When you fetch a byte, it actually fetches a word, then ignores either the first half or the second half.
On 32-bit processors, it fetches a 32-bit word, then ignores three quarters; fetching a 16-bit word on a 32-bit processor ignores half the word.
If the 16-bit word you want to fetch (on a 16-bit processor) isn't aligned, then the processor has to fetch two words, take half of each word and then re-combine them. So even on processor designs where it works, it's often slower.
A lot of processor designs don't bother - either they just won't allow it, or they force the operating system to handle it (which is very slow).
(Not all types of processors work this way - e.g. 8-bit processors usually fetch a byte at a time)
Can't the memory/stack pointer point to 0001 in the example and then read a word of information starting there?
If the processor supports it, yes.
Related
What is stack alignment?
Why is it used?
Can it be controlled by compiler settings?
The details of this question are taken from a problem faced when trying to use ffmpeg libraries with msvc, however what I'm really interested in is an explanation of what is "stack alignment".
The Details:
When runnig my msvc complied program which links to avcodec I get the
following error: "Compiler did not align stack variables.

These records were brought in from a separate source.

(* Let $r,s,t$ be integers with $1\le r\le s\le t$ and $n=r+s+t+1$. Then the $(2r+1)$-fault diameter of the exchanged 3-ary $n$-cube satisfies $D^{f}_{2r+1}(E3C(r,s,t))\ge r+s+t+4=n+3$.
   Context: The exchanged 3-ary $n$-cube $E3C(r,s,t)$ ($r,s,t\ge1$, $n=r+s+t+1$): vertices are strings $x=x[r+s+t]\cdots x[1]x[0]$ with all $x[i]\in\{0,1,2\}$, written $x=ABCd$ where $A=x[r+s+t]\cdots x[s+t+1]\in\{0,1,2\}^r$, $B=x[s+t]\cdots x[t+1]\in\{0,1,2\}^s$, $C=x[t]\cdots x[1]\in\{0,1,2\}^t$, $d=x[0]$. Two distinct vertices $x=ABCd$, $y=A'B'C'd'$ are adjacent iff one of: (E0) $A=A',B=B',C=C'$ and $d\ne d'$; (E1) $d=d'=0$, $A=A'$, $B=B'$ and $C,C'$ differ in exactly one position; (E2) $d=d'=1$, $A=A'$, $C=C'$ and $B,B'$ differ in exactly one position; (E3) $d=d'=2$, $B=B'$, $C=C'$ and $A,A'$ differ in exactly one position. For a connected graph $G$ and positive integer $\alpha\le\kappa(G)-1$ ($\kappa$ = vertex connectivity), the $\alpha$-fault diameter is $D^f_\alpha(G)=\max\{d_{G-F}(u,v): u\ne v\in V(G),\ F\subseteq V(G)\setminus\{u,v\},\ |F|=\alpha\}$, where $d_{G-F}$ is the shortest-path distance in $G-F$. (It is known that $\kappa(E3C(r,s,t))=2r+2$ when $r\le s\le t$.) *)

From mathcomp Require Import all_boot.
Set Implicit Arguments. Unset Strict Implicit. Unset Printing Implicit Defensive.

Fixpoint reach (T : finType) (adj : rel T) (F : {set T}) (u : T) (k : nat)
  : {set T} :=
  match k with
  | 0 => if u \in F then set0 else [set u]
  | k'.+1 => reach adj F u k' :|:
             [set y | (y \notin F) && [exists x in reach adj F u k', adj x y]]
  end.

Definition fdist (T : finType) (adj : rel T) (F : {set T}) (u v : T) : nat :=
  find (fun k => v \in reach adj F u k) (iota 0 #|T|).

Definition fault_diameter (T : finType) (adj : rel T) (alpha : nat) : nat :=
  \max_(u : T) \max_(v : T)
    \max_(F : {set T} | [&& u != v, u \notin F, v \notin F & #|F| == alpha])
      fdist adj F u v.

(* vertices x = x[r+s+t] ... x[1] x[0], x[i] in {0,1,2};
   d = x[0], C = x[t..1], B = x[s+t..t+1], A = x[r+s+t..s+t+1]. *)
Definition E3C_vertex (r s t : nat) := {ffun 'I_(r + s + t).+1 -> 'I_3}.

Definition E3C_adj (r s t : nat) : rel (E3C_vertex r s t) :=
  fun x y =>
    [exists i : 'I_(r + s + t).+1,
      ([set j | x j != y j] == [set i]) &&
      [|| (i == ord0 :> 'I_(r + s + t).+1)
        , ((x ord0 : nat) == 0) && (1 <= i <= t)
        , ((x ord0 : nat) == 1) && (t < i <= s + t)
        | ((x ord0 : nat) == 2) && (s + t < i)]].

From mathcomp Require Import all_boot zify.
Set Implicit Arguments. Unset Strict Implicit. Unset Printing Implicit Defensive.

(* Let u be the vertex with A = B = C = 0 and d = 2, and w the vertex with
   A = B = C = 0 and d = 1.  The neighbours of u are the 2r + 2 vertices
   obtained by changing d or one digit of A; removing all of them except w
   leaves w as the only exit from u.  From there, a walk to the all-ones
   vertex v must change each of the r + s + t digits of A, B, C, and it can
   only change a digit of A (resp. C) while d = 2 (resp. d = 0), so the
   last digit has to travel 1 -> 2 -> 0 -> 1 or 1 -> 0 -> 2 -> 1.  Counting
   these moves together with the first step u -> w gives r + s + t + 4; it
   is made rigorous by a potential that grows by at most one along each
   edge of the faulty graph. *)

Section FaultDistance.
Variables (T : finType) (adj : rel T) (F : {set T}) (u : T).

Lemma reach_notin k x : x \in reach adj F u k -> x \notin F.
Proof.
elim: k x => [|k IHk] x /=.
  by case: ifP => uF; rewrite ?inE // => /eqP ->; rewrite uF.
by rewrite !inE => /orP[/IHk | /andP[]].
Qed.

Variable g : T -> nat.
Hypothesis g_u : g u = 0.
Hypothesis g_lipschitz :
  forall x y, x \notin F -> y \notin F -> adj x y -> g y <= (g x).+1.

Lemma reach_potential k x : x \in reach adj F u k -> g x <= k.
Proof.
elim: k x => [|k IHk] x /=.
  by case: ifP => uF; rewrite ?inE // => /eqP ->; rewrite g_u.
rewrite !inE => /orP[/IHk /leqW // | /andP[yF /existsP[z /andP[zr zx]]]].
apply: leq_trans (g_lipschitz (reach_notin zr) yF zx) _.
by rewrite ltnS IHk.
Qed.

Lemma potential_le_fdist v : g v <= #|T| -> g v <= fdist adj F u v.
Proof.
move=> gvT; rewrite leqNgt; apply/negP => lt_fdist.
have has_reach : has (fun k => v \in reach adj F u k) (iota 0 #|T|).
  by rewrite has_find size_iota (leq_trans lt_fdist).
have := nth_find 0 has_reach; rewrite nth_iota ?add0n -/(fdist adj F u v).
  by move/reach_potential; rewrite leqNgt lt_fdist.
by rewrite (leq_trans lt_fdist).
Qed.

End FaultDistance.

Lemma fdist_le_fault_diameter (T : finType) (adj : rel T) (F : {set T}) u v :
  u != v -> u \notin F -> v \notin F ->
  fdist adj F u v <= fault_diameter adj #|F|.
Proof.
move=> uv uF vF; rewrite /fault_diameter.
apply: leq_trans (leq_bigmax u); apply: leq_trans (leq_bigmax v).
by apply: (leq_bigmax_cond (P := fun F' => [&& _, _, _ & _])); rewrite uv uF vF eqxx.
Qed.

Lemma subset_card_between (T : finType) (A B : {set T}) n :
  A \subset B -> #|A| <= n <= #|B| ->
  exists C : {set T}, [/\ A \subset C, C \subset B & #|C| = n].
Proof.
move=> sAB /andP[leAn]; rewrite -(subnK leAn); move: (n - #|A|) => m {leAn}.
elim: m A sAB => [|m IHm] A sAB lenB; first by exists A.
have [x xB xA] : exists2 x, x \in B & x \notin A.
  apply/subsetPn/negP => sBA; have := subset_leq_card sBA; lia.
have sxAB : x |: A \subset B by rewrite subUset sub1set xB sAB.
have lexAB : m + #|x |: A| <= #|B| by rewrite cardsU1 xA add1n -addSnnS.
have [C [sxAC sCB cardC]] := IHm (x |: A) sxAB lexAB.
exists C; split=> //; first exact: subset_trans (subsetUr _ _) sxAC.
by rewrite cardC cardsU1 xA add1n addSnnS.
Qed.

Lemma card_hamming_neighbours (I T : finType) (x : {ffun I -> T}) (S : {set I}) :
  #|[set y : {ffun I -> T} | [exists i in S, [set j | x j != y j] == [set i]]]|
    <= #|S| * #|T|.-1.
Proof.
pose D := [set p : I * T | (p.1 \in S) && (p.2 != x p.1)].
pose update (p : I * T) : {ffun I -> T} := [ffun j => if j == p.1 then p.2 else x j].
apply: (@leq_trans #|update @: D|).
  apply/subset_leq_card/subsetP => y; rewrite inE => /exists_inP[i iS /eqP dxy].
  have diff j : (x j != y j) = (j == i) by move/setP: dxy => /(_ j); rewrite !inE.
  apply/imsetP; exists (i, y i).
    by rewrite inE iS /=; apply/eqP => yx; move: (diff i); rewrite yx !eqxx.
  apply/ffunP => j; rewrite ffunE /=; case: eqVneq => [-> //|ji].
  by apply/esym/eqP; rewrite -[_ == _]negbK diff ji.
apply: leq_trans (leq_imset_card _ _) _.
rewrite -sum1_card (eq_bigl (fun p => (p.1 \in S) && (p.2 != x p.1))) => [|p];
  last by rewrite inE.
rewrite -(pair_big_dep (fun i => i \in S) (fun i c => c != x i) (fun _ _ => 1)) /=.
rewrite -sum_nat_const; apply: leq_sum => i _.
by rewrite sum1_card cardC1.
Qed.

Section Support.
Variables (I T : finType) (z : T).

Definition support_on (P : pred I) (x : {ffun I -> T}) := [set j | P j & x j != z].

Variables (P : pred I) (x y : {ffun I -> T}) (i : I).
Hypothesis agree : forall j, j != i -> x j = y j.

Lemma support_on_agree : ~~ P i -> support_on P x = support_on P y.
Proof.
move=> Pi; apply/setP => j; rewrite !inE.
by case: (eqVneq j i) => [->|/agree->]; first by rewrite (negbTE Pi).
Qed.

Lemma card_support_on_agree : #|support_on P y| <= #|support_on P x|.+1.
Proof.
apply: leq_trans (_ : #|i |: support_on P x| <= _); last by rewrite cardsU1; case: (_ \notin _).
apply/subset_leq_card/subsetP => j; rewrite !inE.
by case: (eqVneq j i) => [->|/agree->]; rewrite ?eqxx.
Qed.

End Support.

(* One plus the least number of changes of the last digit along a walk of
   digits that starts at 1, ends at d (read d >= 2 as 2), and passes
   through 2 if A holds and through 0 if C holds. *)
Definition mode_cost (d : nat) (A C : bool) : nat :=
  match d with
  | 0 => if A then 3 else 2
  | 1 => if A then (if C then 4 else 3) else (if C then 3 else 1)
  | _ => if C then 3 else 2
  end.

Lemma mode_cost_change d d' A C : mode_cost d' A C <= (mode_cost d A C).+1.
Proof. by case: d => [|[|d]]; case: d' => [|[|d']]; case: A; case: C. Qed.

Lemma mode_cost_fixed d A C A' C' :
  (d != 2 -> A' = A) -> (d != 0 -> C' = C) -> mode_cost d A' C' = mode_cost d A C.
Proof. by case: d => [|[|[|d]]] /= eA eC; rewrite ?eA ?eC. Qed.

Lemma card_ord_pred n (P : pred nat) : #|[set i : 'I_n | P i]| = count P (iota 0 n).
Proof. by rewrite cardsE cardE /enum_mem size_filter -enumT -val_enum_ord count_map. Qed.

Section ExchangedCube.
Variables r s t : nat.
Local Notation vertex := (E3C_vertex r s t).
Local Notation adj := (@E3C_adj r s t).

Definition origin : vertex := [ffun j => if j == ord0 then ord_max else ord0].
Definition gate : vertex := [ffun j => if j == ord0 then Ordinal (isT : 1 < 3) else ord0].
Definition ones : vertex := [ffun=> Ordinal (isT : 1 < 3)].

Lemma card_vertex : #|vertex| = 3 ^ (r + s + t).+1.
Proof. by rewrite card_ffun !card_ord. Qed.

Lemma origin_neq_ones : origin != ones.
Proof. by apply/eqP => /ffunP/(_ ord0)/(congr1 val); rewrite !ffunE. Qed.

Lemma E3C_adj_agree x y : adj x y ->
  exists2 i, forall j, j != i -> x j = y j &
    [|| i == ord0, (x ord0 == 0 :> nat) && (1 <= i <= t),
        (x ord0 == 1 :> nat) && (t < i <= s + t) | (x ord0 == 2 :> nat) && (s + t < i)].
Proof.
move=> /existsP[i /andP[/eqP diff cond]]; exists i => // j ji.
by apply/eqP; move/setP: diff => /(_ j); rewrite !inE (negbTE ji) => /negbFE.
Qed.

Libavcodec has
been miscompiled", followed by a crash in avcodec.dll.
avcodec.dll was not compiled with msvc, so I'm unable to see what is going on inside.
When running ffmpeg.exe and using the same avcodec.dll everything works well.
ffmpeg.exe was not compiled with msvc, it was complied with gcc / mingw (same as avcodec.dll)
Thanks,
Dan
Alignment of variables in memory (a short history).
In the past computers had an 8 bits databus. This means, that each clock cycle 8 bits of information could be processed. Which was fine then.
Then came 16 bit computers. Due to downward compatibility and other issues, the 8 bit byte was kept and the 16 bit word was introduced. Each word was 2 bytes. And each clock cycle 16 bits of information could be processed. But this posed a small problem.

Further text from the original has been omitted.